Photo: © Harry Roseman

Joseph Cornell Untitled (Medici Series, Pinturicchio Boy), c. 1950 Wood, glass, printed paper, and ink in wood and printed paper box construction
15 3/4 x 12 x 4 inches (40 x 30.5 x 10.2 cm)

© 2025 The Joseph and Robert Cornell Memorial Foundation/Licensed by VAGA at Artists Rights Society (ARS), New York
Photo: Owen Conway
Courtesy Gagosian

Years after conceiving in collaboration with the Kunsthistorisches Museum in Vienna the exhibition project "The Spitzmaus Sarcophagus and Other Treasures," director Wes Anderson is back in the curator's shoes, this time assisting Jasper Sharp in the creation of an exhibition dedicated to American artist Joseph Cornell. 

“The House on Utopia Parkway: Joseph Cornell’s Studio Reimagined by Wes Anderson”, on view at Gagosian Paris from December 16 to March 14, 2026, brings Cornell’s work back to the French capital after nearly four decades, ans it does so in a way that fully embraces the artist’s spirit: transforming the rue de Castiglione gallery into an experiential tableau — a life-sized assemblage that reactivates nearly 300 objects from his New York studio.

Wes Anderson, Courtesy Gagosian

Born in 1903, Joseph Cornell is regarded as one of the foremost figures of assemblage sculpture — that post-surrealist artistic practice that gathers everyday, heterogeneous objects into compositions rooted in the expression of the unconscious.
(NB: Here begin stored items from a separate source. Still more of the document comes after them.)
(* For every integer $n\ge 1$, \[ \sum_{k=0}^{n}\Big(-\frac{1}{4}\Big)^k\binom{n}{k}\binom{1+2k}{k}\,k\,H_{1+2k} =\frac{3n}{2^{1+2n}(1-4n^2)}\binom{1+2n}{n}\Big\{3H_n-4H_{1+2n}-\frac{16n}{1-4n^2}-\frac{2-14n}{3n}\Big\}+\frac{1}{1+n}. \]
   Context: For an integer $m\ge 0$, $H_m$ denotes the $m$-th harmonic number: $H_0=0$ and $H_m=\sum_{j=1}^m \frac1j$ for $m\ge1$. $\binom{n}{k}$ is the usual binomial coefficient. *)

From HB Require Import structures.
From mathcomp Require Import all_boot all_order all_algebra.
Set Implicit Arguments. Unset Strict Implicit. Unset Printing Implicit Defensive.
Import Order.TTheory GRing.Theory Num.Theory.
Local Open Scope ring_scope.

Definition harm (m : nat) : rat := \sum_(1 <= j < m.+1) (j%:R)^-1.

From mathcomp Require Import all_boot all_order all_algebra.
From mathcomp Require Import ring lra zify.
Import GRing.Theory Num.Theory.
Local Open Scope ring_scope.

(* Creative telescoping.  Write S_n for the left-hand side,
   B_m = sum_j (-1/4)^j C(m,j) C(2j,j) and M_m = sum_j (-1/4)^j C(m,j) C(2j,j) (j-1)(4j+1).
   Zeilberger-style certificates give
     (m+1) B_(m+1) = (2m+1)/2 B_m,  hence B_m = C(2m,m)/4^m,
     (2m-3)(2m-1) M_m = (6m^2-m-3) B_m,
     (2n-1)(n+1)/2 S_n - n(n+2) S_(n+1) = -(M_(n+1) + 1)/2,
   where the last certificate carries the harmonic numbers along because
   H_(2k+3) - H_(2k+1) is a rational function of k.  The right-hand side
   satisfies the same first-order recurrence and agrees with S_1. *)

Ltac field_nonzero :=
  repeat (apply/andP; split);
  first [ assumption | by rewrite expf_neq0
        | apply/lt0r_neq0; nra | apply/ltr0_neq0; nra ].

Lemma bin_odd_central k : ('C(1 + 2 * k, k) * k.+1 = (1 + 2 * k) * 'C(2 * k, k))%N.
Proof.
have := mul_bin_down (1 + 2 * k) k; rewrite add1n /= => ->.
by rewrite mulnC; congr (_ * _)%N; lia.
Qed.

Lemma bin_centralS k : 'C(2 * k.+1, k.+1) = (2 * 'C(1 + 2 * k, k))%N.
Proof.
have k_le : (k <= (2 * k).+1)%N by lia.
rewrite mulnS add2n binS add1n.
have e : k.+1 = ((2 * k).+1 - k)%N by lia.
by rewrite {1}e bin_sub // addnn -mul2n.
Qed.

Section BinomialRatios.
Context {R : numFieldType}.

Let natr1_neq0 m : m%:R + 1 != 0 :> R.
Proof. by rewrite natr1 pnatr_eq0. Qed.

Lemma natr_bin_down m j :
  'C(m, j)%:R = (m%:R + 1 - j%:R) / (m%:R + 1) * 'C(m.+1, j)%:R :> R.
Proof.
have [j_le|j_gt] := leqP j m.+1; last by rewrite !bin_small ?mulr0 // ltnW.
move/(congr1 (fun x => x%:R : R)): (mul_bin_down m.+1 j).
rewrite !natrM natrB // -natr1 => e.
by apply: (mulfI (natr1_neq0 m)); rewrite e; field.
Qed.

Lemma natr_bin_left m j :
  'C(m, j.+1)%:R = (m%:R - j%:R) / (j%:R + 1) * 'C(m, j)%:R :> R.
Proof.
have [j_le|j_gt] := leqP j m; last by rewrite !bin_small ?mulr0 // ltnW.
move/(congr1 (fun x => x%:R : R)): (mul_bin_left m j).
rewrite !natrM natrB // -natr1 => e.
by apply: (mulfI (natr1_neq0 j)); rewrite e; field.
Qed.

Lemma natr_bin_odd_central k :
  'C(1 + 2 * k, k)%:R = (2 * k%:R + 1) / (k%:R + 1) * 'C(2 * k, k)%:R :> R.
Proof.
move/(congr1 (fun x => x%:R : R)): (bin_odd_central k).
rewrite !natrM natrD -natr1 => e.
by apply: (mulIf (natr1_neq0 k)); rewrite e; field.
Qed.

Lemma natr_bin_centralS k :
  'C(2 * k.+1, k.+1)%:R = 2 * (2 * k%:R + 1) / (k%:R + 1) * 'C(2 * k, k)%:R :> R.
Proof. by rewrite bin_centralS natrM natr_bin_odd_central mulrA mulrA. Qed.

End BinomialRatios.

Definition cbin_term (m j : nat) : rat :=
  (- (1 / 4)) ^+ j * 'C(m, j)%:R * 'C(2 * j, j)%:R.

Definition cbin_sum (m : nat) : rat := \sum_(0 <= j < m.+1) cbin_term m j.

Lemma cbin_term0 m : cbin_term m 0 = 1.
Proof. by rewrite /cbin_term expr0 bin0 !mul1r. Qed.

Lemma cbin_term_out m : cbin_term m m.+1 = 0.
Proof. by rewrite /cbin_term bin_small // mulr0 mul0r. Qed.

Lemma cbin_term_telescope m j :
  cbin_term m.+1 j.+1 * (j%:R + 1) ^+ 2 - cbin_term m.+1 j * j%:R ^+ 2
  = (2 * m%:R + 1) * (m%:R + 1) / 2 * cbin_term m j - (m%:R + 1) ^+ 2 * cbin_term m.+1 j.
Proof.
have m_ge0 := ler0n rat m; have j_ge0 := ler0n rat j.
rewrite /cbin_term (natr_bin_down m j) natr_bin_left natr_bin_centralS [_ ^+ j.+1]exprS.
by field; field_nonzero.
Qed.

Lemma cbin_sumS m : (m%:R + 1) * cbin_sum m.+1 = (2 * m%:R + 1) / 2 * cbin_sum m.
Proof.
have m1_neq0 : m%:R + 1 != 0 :> rat by rewrite natr1 pnatr_eq0.
have := telescope_sumr (fun j => cbin_term m.+1 j * j%:R ^+ 2) (leq0n m.+2).
rewrite cbin_term_out mul0r expr0n mulr0 subrr.
under eq_bigr => j _ do rewrite -natr1 cbin_term_telescope.
rewrite sumrB -!mulr_sumr big_nat_recr //= cbin_term_out addr0.
move/subr0_eq; rewrite -/(cbin_sum m) -/(cbin_sum m.+1) => e.
by apply: (mulfI m1_neq0); rewrite mulrA -expr2 -e; field.
Qed.

Lemma cbin_sumE m : cbin_sum m = 'C(2 * m, m)%:R / 4 ^+ m.
Proof.
elim: m => [|m IH]; first by rewrite /cbin_sum big_nat1 /cbin_term.
have m1_neq0 : m%:R + 1 != 0 :> rat by rewrite natr1 pnatr_eq0.
apply: (mulfI m1_neq0); rewrite cbin_sumS IH natr_bin_centralS exprS.
by field; rewrite expf_neq0.
Qed.

Definition cbin_moment (m : nat) : rat :=
  \sum_(0 <= j < m.+1) cbin_term m j * (j%:R - 1) * (4 * j%:R + 1).

Definition cbin_moment_cert (m j : nat) : rat :=
  cbin_term m j * j%:R ^+ 2 * (26 - 36 * m%:R + 8 * (2 * m%:R - 1) * j%:R).

Lemma cbin_moment_telescope m j :
  cbin_moment_cert m j.+1 - cbin_moment_cert m j
  = (6 * m%:R ^+ 2 - m%:R - 3) * cbin_term m j
    - (2 * m%:R - 3) * (2 * m%:R - 1) * (cbin_term m j * (j%:R - 1) * (4 * j%:R + 1)).
Proof.
have m_ge0 := ler0n rat m; have j_ge0 := ler0n rat j.
rewrite /cbin_moment_cert /cbin_term natr_bin_left natr_bin_centralS [_ ^+ j.+1]exprS -natr1.
by field; field_nonzero.
Qed.

Lemma cbin_momentE m :
  cbin_moment m
  = (6 * m%:R ^+ 2 - m%:R - 3) / ((2 * m%:R - 3) * (2 * m%:R - 1))
    * ('C(2 * m, m)%:R / 4 ^+ m).
Proof.
have [nz3 nz1] : 2 * m%:R - 3 != 0 :> rat /\ 2 * m%:R - 1 != 0 :> rat.
  by split; rewrite subr_eq0 -natrM ?eqr_nat ?pnatr_eq1; apply/eqP; lia.
have := telescope_sumr (cbin_moment_cert m) (leq0n m.+1).
rewrite /cbin_moment_cert cbin_term_out mul0r expr0n mulr0 !mul0r subrr.
under eq_bigr => j _ do rewrite cbin_moment_telescope.
rewrite sumrB -!mulr_sumr -/(cbin_moment m) -/(cbin_sum m) cbin_sumE => /subr0_eq e.
apply: (mulfI (mulf_neq0 nz3 nz1)); rewrite -e.
by field; rewrite expf_neq0 ?nz3 ?nz1.
Qed.

Lemma harmS m : harm m.+1 = harm m + 1 / m.+1%:R.
Proof. by rewrite /harm big_nat_recr // div1r. Qed.

Lemma harm_oddS k :
  harm (1 + 2 * k.+1) = harm (1 + 2 * k) + 1 / (2 * k%:R + 2) + 1 / (2 * k%:R + 3).
Proof.
rewrite (_ : (1 + 2 * k.+1 = (1 + 2 * k).+2)%N); last by lia.
by rewrite 2!harmS; congr (_ + 1 / _ + 1 / _); rewrite -!natr1 ?natrD ?natrM; ring.
Qed.

Definition hsum_term (n k : nat) : rat :=
  (- (1 / 4)) ^+ k * 'C(n, k)%:R * 'C(1 + 2 * k, k)%:R * k%:R * harm (1 + 2 * k).

Definition hsum (n : nat) : rat := \sum_(0 <= k < n.+1) hsum_term n k.

Definition hsum_cert (n k : nat) : rat :=
  (- (1 / 4)) ^+ k * 'C(n.+1, k)%:R * 'C(1 + 2 * k, k)%:R * (k%:R ^+ 3 - k%:R)
  * harm (1 + 2 * k).

Lemma hsum_term_telescope n k :
  hsum_cert n k.+1 - hsum_cert n k
  = (2 * n%:R - 1) * (n%:R + 1) / 2 * hsum_term n k - n%:R * (n%:R + 2) * hsum_term n.+1 k
    + 1 / 2 * (cbin_term n.+1 k.+1 * (k.+1%:R - 1) * (4 * k.+1%:R + 1)).
Proof.
have n_ge0 := ler0n rat n; have k_ge0 := ler0n rat k.
rewrite /hsum_term /hsum_cert /cbin_term harm_oddS (natr_bin_down n k) natr_bin_left.
rewrite (natr_bin_odd_central k.+1) natr_bin_centralS natr_bin_odd_central.
rewrite [_ ^+ k.+1]exprS -!natr1.
by field; field_nonzero.
Qed.

Lemma hsumS n :
  (2 * n%:R - 1) * (n%:R + 1) / 2 * hsum n - n%:R * (n%:R + 2) * hsum n.+1
  = - (1 / 2) * (cbin_moment n.+1 + 1).
Proof.
have cert0 : hsum_cert n 0 = 0 by rewrite /hsum_cert expr0n subrr mulr0 mul0r.
have certN : hsum_cert n n.+2 = 0 by rewrite /hsum_cert bin_small // mulr0 !mul0r.
have moment_shift : \sum_(0 <= k < n.+2)
    cbin_term n.+1 k.+1 * (k.+1%:R - 1) * (4 * k.+1%:R + 1) = cbin_moment n.+1 + 1.
  rewrite /cbin_moment [in RHS]big_nat_recl // [in LHS]big_nat_recr //= cbin_term_out.
  rewrite cbin_term0 !mul0r addr0; move: (\sum_(0 <= i < n.+1) _) => s.
  ring.
have := telescope_sumr (hsum_cert n) (leq0n n.+2).
rewrite cert0 certN subrr.
under eq_bigr => k _ do rewrite hsum_term_telescope.
rewrite big_split /= sumrB -!mulr_sumr moment_shift big_nat_recr //=.
rewrite [hsum_term n n.+1]/hsum_term bin_small // mulr0 !mul0r addr0.
by move/eqP; rewrite addr_eq0 => /eqP ->; rewrite mulNr.
Qed.

Definition hsum_closed (n : nat) : rat :=
  (3 * n%:R) / ((2 : rat) ^+ (1 + 2 * n) * (1 - 4 * n%:R ^+ 2))
    * ('C(1 + 2 * n, n))%:R
    * (3 * harm n - 4 * harm (1 + 2 * n)
       - (16 * n%:R) / (1 - 4 * n%:R ^+ 2)
       - (2 - 14 * n%:R) / (3 * n%:R))
  + 1 / (1 + n%:R).

Lemma hsum1 : hsum 1 = hsum_closed 1.
Proof. by apply/eqP; rewrite /hsum /hsum_closed /hsum_term /harm !unlock; vm_compute. Qed.

Lemma expr2_odd m : (2 : rat) ^+ (1 + 2 * m) = 2 * 4 ^+ m.
Proof. by rewrite exprD exprM expr1 -natrX. Qed.

Lemma hsum_closedS n :
  (2 * n.+1%:R - 1) * (n.+1%:R + 1) / 2 * hsum_closed n.+1
    - n.+1%:R * (n.+1%:R + 2) * hsum_closed n.+2
  = - (1 / 2) * (cbin_moment n.+2 + 1).
Proof.
have n_ge0 := ler0n rat n.
rewrite cbin_momentE /hsum_closed (harmS n.+1) (harm_oddS n.+1).
rewrite (natr_bin_odd_central n.+2) (natr_bin_centralS n.+1) (natr_bin_odd_central n.+1).
rewrite !expr2_odd [4 ^+ n.+2]exprS -!natr1.
by field; field_nonzero.
Qed.

Lemma hsumE n : hsum n.+1 = hsum_closed n.+1.
Proof.
elim: n => [|n IH]; first exact: hsum1.
have n_ge0 := ler0n rat n.
have nz : n.+1%:R * (n.+1%:R + 2) != 0 :> rat.
  by rewrite -natr1; field_nonzero.
have := hsumS n.+1; rewrite IH -(hsum_closedS n).
by move/addrI/oppr_inj/(mulfI nz).
Qed.

Theorem theorem11 (n : nat) (hn : (1 <= n)%N) :
  \sum_(0 <= k < n.+1)
     (- (1 / 4 : rat)) ^+ k * ('C(n, k))%:R * ('C(1 + 2 * k, k))%:R
       * k%:R * harm (1 + 2 * k)
  = (3 * n%:R) / ((2 : rat) ^+ (1 + 2 * n) * (1 - 4 * n%:R ^+ 2))
      * ('C(1 + 2 * n, n))%:R
      * (3 * harm n - 4 * harm (1 + 2 * n)
         - (16 * n%:R) / (1 - 4 * n%:R ^+ 2)
         - (2 - 14 * n%:R) / (3 * n%:R))
    + 1 / (1 + n%:R).
Proof. by case: n hn => // n _; exact: hsumE. Qed.
(** If [K] bounds the diagonal magnitudes and [v] is a dominance vector of
    the comparison matrix with margin [gamma], the Newton-like map contracts
    [v]-weighted distances by [1 - gamma / K]: the diagonal part contracts
    by [1 - mig / K] and the off-diagonal part adds at most
    [(mig - gamma) / K]. *)
Lemma newton_map_contract (v : vec n) (gamma K : R) :
  0 < K -> (forall i, mag (X i i) <= K) ->
  (forall i, gamma * v i <= mig (X i i) * v i - rsum (idx_lt i) (fun j => mag (X i j) * v j)
                                              - rsum (idx_gt i) (fun j => mag (X i j) * v j)) ->
  forall x z rho, in_box bx x -> in_box bx z -> 0 <= rho -> wclose v rho x z ->
    wclose v (Rmax 0 (1 - gamma / K) * rho) (newton_map K x) (newton_map K z).
Proof.
move=> K_pos K_bound dominance x z rho x_box z_box rho0 close i.
apply: Rle_trans (clip_lipschitz _ _ _ _) _.
have [a [Xa ->]] := newton_step_difference K x z i K_pos x_box z_box.
case: (regular_facts (wf_X i i) (diag_regular i)) => _ _ sgn_abs1 _ sgn_abs.
have [_ mig_a] := sgn_abs _ (Xa i).
set r := Rabs (a i) / K.
have r_le1 : r <= 1.
  apply: (Rmult_le_reg_r K) => //; rewrite /r Rmult_1_l.
  have -> : Rabs (a i) / K * K = Rabs (a i) by field; lra.
  exact: Rle_trans (mag_bound (Xa i)) (K_bound i).
have r_ge : mig (X i i) / K <= r by apply: Rmult_le_compat_r => //; apply/Rlt_le/Rinv_0_lt_compat.
set SL := rsum (idx_lt i) _; set SG := rsum (idx_gt i) _.
pose ML := rsum (idx_lt i) (fun j => mag (X i j) * v j).
pose MG := rsum (idx_gt i) (fun j => mag (X i j) * v j).
have SL_bound : Rabs SL <= rho * ML.
  apply: Rle_trans (rsum_prod_bound (idx_lt i) a (fun j => x j - z j) _ (fun j => rho * v j)
                      (fun j => mag_bound (Xa j)) close) _.
  by rewrite /ML -rsum_scal; apply: Req_le; apply: rsum_ext => j _; ring.
have SG_bound : Rabs SG <= rho * MG.
  apply: Rle_trans (rsum_prod_bound (idx_gt i) a (fun j => x j - z j) _ (fun j => rho * v j)
                      (fun j => mag_bound (Xa j)) close) _.
  by rewrite /MG -rsum_scal; apply: Req_le; apply: rsum_ext => j _; ring.
have Rc : Rabs (sgn (X i i) * K) = K by rewrite Rabs_mult sgn_abs1 Rabs_pos_eq; lra.
have off_bound : Rabs ((SL + SG) / (sgn (X i i) * K)) <= rho * (ML + MG) / K.
  rewrite /Rdiv Rabs_mult Rabs_inv Rc; apply: Rmult_le_compat_r; first by apply/Rlt_le/Rinv_0_lt_compat.
  by apply: Rle_trans (Rabs_triang _ _) _; lra.
have diag_bound : Rabs ((x i - z i) * (1 - r)) <= rho * v i * (1 - mig (X i i) / K).
  rewrite Rabs_mult (Rabs_pos_eq (1 - r)); last lra.
  by apply: Rmult_le_compat; [apply: Rabs_pos | lra | apply: close | lra].
have := dominance i; rewrite -/ML -/MG => dom_i.
have : rho * (ML + MG) / K <= rho * (mig (X i i) * v i - gamma * v i) / K.
  by apply: Rmult_le_compat_r; [apply/Rlt_le/Rinv_0_lt_compat | apply: Rmult_le_compat_l]; lra.
have : rho * v i * (1 - gamma / K) <= Rmax 0 (1 - gamma / K) * rho * v i.
  have : 0 <= rho * v i by have := close i; have := Rabs_pos (x i - z i); nra.
  by have := Rmax_r 0 (1 - gamma / K); nra.
have : rho * v i * (1 - mig (X i i) / K) + rho * (mig (X i i) * v i - gamma * v i) / K
       = rho * v i * (1 - gamma / K) by field; lra.
have := Rabs_triang ((x i - z i) * (1 - r)) (- ((SL + SG) / (sgn (X i i) * K))).
rewrite Rabs_Ropp -/(Rminus _ _); lra.
Qed.

(** If the projection were active at
    an endpoint, the solution of row [i] for the same coefficients would lie
    beyond that endpoint, contradicting [sol_inside]. *)
Lemma newton_fixed_row (K : R) (x : vec n) (i : 'I_n) :
  0 < K -> in_box bx x -> newton_map K x = x ->
  (forall j, j \in idx_lt i -> G j (x j - xt j)) -> G i (x i - xt i) /\ g x i = 0.
Proof.
move=> K_pos x_box fixed lower.
have [a [Xa slope_i]] := slope _ _ xt_box x_box i.
set beta := - g xt i - rsum (idx_lt i) (fun j => a j * (x j - xt j)) - rsum (idx_gt i) (fun j => a j * (x j - xt j)).
have rhs_beta : rhs i beta.
  apply: rhs_in => // [|j _]; first by rewrite Ropp_involutive; apply: g_xt.
  by exists (x j); split; [apply: x_box|].
have row : a i * (x i - xt i) - g x i = beta.
  move: slope_i; rewrite (rsum_split i) /beta.
  by set SL := rsum (idx_lt i) _; set SG := rsum (idx_gt i) _; lra.
case: (regular_facts (wf_X i i) (diag_regular i)) => _ mig_pos sgn_abs1 sgn_sq sgn_abs.
have [Ea mig_a] := sgn_abs _ (Xa i).
have sgn0 : sgn (X i i) <> 0 by move=> s0; rewrite s0 Rabs_R0 in sgn_abs1; lra.
have a0 : a i <> 0 by move=> a0; rewrite a0 Rabs_R0 in mig_a; lra.
set s := g x i / (sgn (X i i) * K).
have Es : g x i = s * (sgn (X i i) * K) by rewrite /s; field; lra.
set t := beta / a i.
have Et : a i * t = beta by rewrite /t; field.
have t_in := sol_inside (Xa i) rhs_beta Et.
have key : Rabs (a i) * ((x i - xt i) - t) = s * K.
  have r_eq : a i * ((x i - xt i) - t) = s * (sgn (X i i) * K) by rewrite -Es Rmult_minus_distr_l Et -row; ring.
  rewrite -Ea -[s * K]Rmult_1_l -sgn_sq.
  have -> : a i * sgn (X i i) * ((x i - xt i) - t) = sgn (X i i) * (a i * ((x i - xt i) - t)) by ring.
  by rewrite r_eq; ring.
have x_i := x_box i; move: x_i; rewrite /ival => x_i.
have s0 : s = 0.
  have := clip_fixed _ _ (x i) s (wf_x i); rewrite -/(newton_map K x i) fixed => /(_ erefl).
  case=> [s0 // | [[xhi s_neg] | [xlo s_pos]]]; exfalso.
  - by rewrite xhi in key; nra.
  - by rewrite xlo in key; nra.
have gx0 : g x i = 0 by rewrite Es s0; ring.
split=> //; rewrite GE; apply: (gam_in (a i) beta) => //.
- by apply: hs_w_full; lra.
- by rewrite -row gx0; ring.
Qed.
Theorem proposition17 (F : finFieldType) (n i s d : nat) :
  (0 < i)%N -> ~~ odd i ->
  (n = 3 * i + 1 \/ n = 3 * i - 1)%N ->
  #|F| = (2 ^ n)%N ->
  s = (2 ^ (2 * i) - 2 ^ i + 1)%N ->
  (s * d %% (2 ^ n - 1) = 1)%N ->
  forall mu : F,
    walsh n (charf (Bset F s)) mu = walsh n (charf (Eset F n i)) (mu ^+ d) /\
    walsh n (charf (Eset F n i)) (mu ^+ d) =
      \sum_(x : F) sgnF (Tr n (x ^+ (2 ^ i + 1) + mu ^+ d * x)).
Proof.
move=> i_gt0 i_even n_eq card_F -> sd_mod mu.
have odd_n := odd_3i_pm1 i_gt0 i_even n_eq.
rewrite (walsh_B card_F odd_n i_gt0 i_even n_eq sd_mod) (walsh_E card_F).
by split => //; apply: eq_bigr => x _; rewrite addrC.
Qed.
Lemma u_derivative_derive m n r : 0 < m -> 0 < r ->
  is_derive (u_derivative m n) r (u_derivative m (S n) r).
Proof.
  intros Hm Hr.
  set (X := fun k => - INR (S n - k) * coef m n k * besselTerm m (S n - k) k r).
  set (Y := fun i => - m * coef m n i * besselTerm m (n - i) (S i) r).
  assert (Hderiv : is_derive (u_derivative m n) r (sum_f_R0 X n + sum_f_R0 Y n)).
  { apply (is_derive_ext (fun y => sum_n (fun k => coef m n k * besselTerm m (n - k) k y) n));
      [intros y; apply sum_n_Reals |].
    rewrite <- plus_sum, <- sum_n_Reals.
    apply (is_derive_sum_n (fun k y => coef m n k * besselTerm m (n - k) k y)). intros k Hk.
    replace (X k + Y k)
      with (coef m n k * (- INR (S (n - k)) * besselTerm m (S (n - k)) k r
                          - m * besselTerm m (n - k) (S k) r))
      by (unfold X, Y; replace (S n - k)%nat with (S (n - k)) by lia; ring).
    apply is_derive_scal, besselTerm_derive; assumption. }
  replace (u_derivative m (S n) r) with (sum_f_R0 X n + sum_f_R0 Y n); [exact Hderiv |].
  (* the X-sum may be extended by its vanishing term k = n + 1 *)
  assert (HX : sum_f_R0 X (S n) = sum_f_R0 X n).
  { rewrite tech5. unfold X at 2. rewrite Nat.sub_diag. simpl INR. ring. }
  rewrite <- HX, (decomp_sum X (S n)) by lia. simpl pred.
  unfold u_derivative. rewrite (decomp_sum _ (S n)) by lia. simpl pred.
  rewrite Rplus_assoc, <- plus_sum. f_equal.
  - unfold X. rewrite coef_succ_0, Nat.sub_0_r. ring.
  - apply sum_eq. intros i Hi. unfold X, Y. rewrite coef_succ_succ by exact Hi.
    change (S n - S i)%nat with (n - i)%nat. ring.
Qed.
Although he never left his home in New York, where he cared for his mother and brother, Cornell spent years collecting hundreds of items during his wanderings through local shops and antique stores. These were later meticulously cataloged in shoeboxes and transformed into “reliquaries of memory and imagination” — his celebrated Shadow Boxes.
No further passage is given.